Input data section start

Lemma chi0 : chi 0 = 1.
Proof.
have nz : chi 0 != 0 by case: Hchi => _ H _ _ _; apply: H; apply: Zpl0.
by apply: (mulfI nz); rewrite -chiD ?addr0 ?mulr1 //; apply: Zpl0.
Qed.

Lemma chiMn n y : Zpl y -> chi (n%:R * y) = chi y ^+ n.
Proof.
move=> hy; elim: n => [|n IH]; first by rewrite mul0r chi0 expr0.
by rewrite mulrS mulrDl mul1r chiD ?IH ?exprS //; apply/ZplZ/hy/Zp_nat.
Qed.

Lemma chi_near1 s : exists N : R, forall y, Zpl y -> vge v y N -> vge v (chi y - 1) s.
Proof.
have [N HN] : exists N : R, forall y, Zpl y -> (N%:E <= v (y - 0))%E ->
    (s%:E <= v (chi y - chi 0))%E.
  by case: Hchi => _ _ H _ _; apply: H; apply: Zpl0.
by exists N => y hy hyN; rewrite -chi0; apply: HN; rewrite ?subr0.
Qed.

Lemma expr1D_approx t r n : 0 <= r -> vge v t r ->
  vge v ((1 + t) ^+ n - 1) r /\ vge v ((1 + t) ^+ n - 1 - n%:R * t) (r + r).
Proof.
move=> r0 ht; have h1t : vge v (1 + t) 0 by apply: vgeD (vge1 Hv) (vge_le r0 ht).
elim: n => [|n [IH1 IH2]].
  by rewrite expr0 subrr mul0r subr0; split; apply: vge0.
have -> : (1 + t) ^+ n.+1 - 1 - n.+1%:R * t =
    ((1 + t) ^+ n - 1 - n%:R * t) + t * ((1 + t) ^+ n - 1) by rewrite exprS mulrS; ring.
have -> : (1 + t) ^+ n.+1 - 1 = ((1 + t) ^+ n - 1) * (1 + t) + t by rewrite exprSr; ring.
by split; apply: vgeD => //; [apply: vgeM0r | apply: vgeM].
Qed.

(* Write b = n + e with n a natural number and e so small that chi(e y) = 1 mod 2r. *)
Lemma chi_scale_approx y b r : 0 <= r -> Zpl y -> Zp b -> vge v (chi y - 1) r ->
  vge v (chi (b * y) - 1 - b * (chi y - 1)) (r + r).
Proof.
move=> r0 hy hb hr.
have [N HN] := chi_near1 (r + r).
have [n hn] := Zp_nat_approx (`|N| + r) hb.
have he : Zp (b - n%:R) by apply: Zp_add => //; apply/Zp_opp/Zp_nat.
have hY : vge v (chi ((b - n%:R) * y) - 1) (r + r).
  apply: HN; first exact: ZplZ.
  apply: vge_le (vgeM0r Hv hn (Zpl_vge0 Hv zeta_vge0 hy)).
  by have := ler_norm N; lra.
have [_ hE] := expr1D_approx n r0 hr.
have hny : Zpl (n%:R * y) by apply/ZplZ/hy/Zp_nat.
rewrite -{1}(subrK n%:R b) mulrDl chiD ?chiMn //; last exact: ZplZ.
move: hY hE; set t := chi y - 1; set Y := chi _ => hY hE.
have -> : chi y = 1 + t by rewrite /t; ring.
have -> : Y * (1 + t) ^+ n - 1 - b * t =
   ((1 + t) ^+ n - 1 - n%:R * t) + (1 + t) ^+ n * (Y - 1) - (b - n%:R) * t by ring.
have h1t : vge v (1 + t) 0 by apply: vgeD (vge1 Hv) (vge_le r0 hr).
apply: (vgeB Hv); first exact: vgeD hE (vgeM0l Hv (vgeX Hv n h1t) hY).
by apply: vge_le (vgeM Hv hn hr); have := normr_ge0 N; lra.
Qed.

Input data section end

__Task requirements__: Set down all of the lines above without altering a word.

__Response__:
Lemma chi0 : chi 0 = 1.
Proof.
have nz : chi 0 != 0 by case: Hchi => _ H _ _ _; apply: H; apply: Zpl0.
by apply: (mulfI nz); rewrite -chiD ?addr0 ?mulr1 //; apply: Zpl0.
Qed.

Lemma chiMn n y : Zpl y -> chi (n%:R * y) = chi y ^+ n.
Proof.
move=> hy; elim: n => [|n IH]; first by rewrite mul0r chi0 expr0.
by rewrite mulrS mulrDl mul1r chiD ?IH ?exprS //; apply/ZplZ/hy/Zp_nat.
Qed.

Lemma chi_near1 s : exists N : R, forall y, Zpl y -> vge v y N -> vge v (chi y - 1) s.
Proof.
have [N HN] : exists N : R, forall y, Zpl y -> (N%:E <= v (y - 0))%E ->
    (s%:E <= v (chi y - chi 0))%E.
  by case: Hchi => _ _ H _ _; apply: H; apply: Zpl0.
by exists N => y hy hyN; rewrite -chi0; apply: HN; rewrite ?subr0.
Qed.

Lemma expr1D_approx t r n : 0 <= r -> vge v t r ->
  vge v ((1 + t) ^+ n - 1) r /\ vge v ((1 + t) ^+ n - 1 - n%:R * t) (r + r).
Proof.
move=> r0 ht; have h1t : vge v (1 + t) 0 by apply: vgeD (vge1 Hv) (vge_le r0 ht).
elim: n => [|n [IH1 IH2]].
  by rewrite expr0 subrr mul0r subr0; split; apply: vge0.
have -> : (1 + t) ^+ n.+1 - 1 - n.+1%:R * t =
    ((1 + t) ^+ n - 1 - n%:R * t) + t * ((1 + t) ^+ n - 1) by rewrite exprS mulrS; ring.
have -> : (1 + t) ^+ n.+1 - 1 = ((1 + t) ^+ n - 1) * (1 + t) + t by rewrite exprSr; ring.
by split; apply: vgeD => //; [apply: vgeM0r | apply: vgeM].
Qed.

(* Write b = n + e with n a natural number and e so small that chi(e y) = 1 mod 2r. *)
Lemma chi_scale_approx y b r : 0 <= r -> Zpl y -> Zp b -> vge v (chi y - 1) r ->
  vge v (chi (b * y) - 1 - b * (chi y - 1)) (r + r).
Proof.
move=> r0 hy hb hr.
have [N HN] := chi_near1 (r + r).
have [n hn] := Zp_nat_approx (`|N| + r) hb.
have he : Zp (b - n%:R) by apply: Zp_add => //; apply/Zp_opp/Zp_nat.
have hY : vge v (chi ((b - n%:R) * y) - 1) (r + r).
  apply: HN; first exact: ZplZ.
  apply: vge_le (vgeM0r Hv hn (Zpl_vge0 Hv zeta_vge0 hy)).
  by have := ler_norm N; lra.
have [_ hE] := expr1D_approx n r0 hr.
have hny : Zpl (n%:R * y) by apply/ZplZ/hy/Zp_nat.
rewrite -{1}(subrK n%:R b) mulrDl chiD ?chiMn //; last exact: ZplZ.
move: hY hE; set t := chi y - 1; set Y := chi _ => hY hE.
have -> : chi y = 1 + t by rewrite /t; ring.
have -> : Y * (1 + t) ^+ n - 1 - b * t =
   ((1 + t) ^+ n - 1 - n%:R * t) + (1 + t) ^+ n * (Y - 1) - (b - n%:R) * t by ring.
have h1t : vge v (1 + t) 0 by apply: vgeD (vge1 Hv) (vge_le r0 hr).
apply: (vgeB Hv); first exact: vgeD hE (vgeM0l Hv (vgeX Hv n h1t) hY).
by apply: vge_le (vgeM Hv hn hr); have := normr_ge0 N; lra.
Qed.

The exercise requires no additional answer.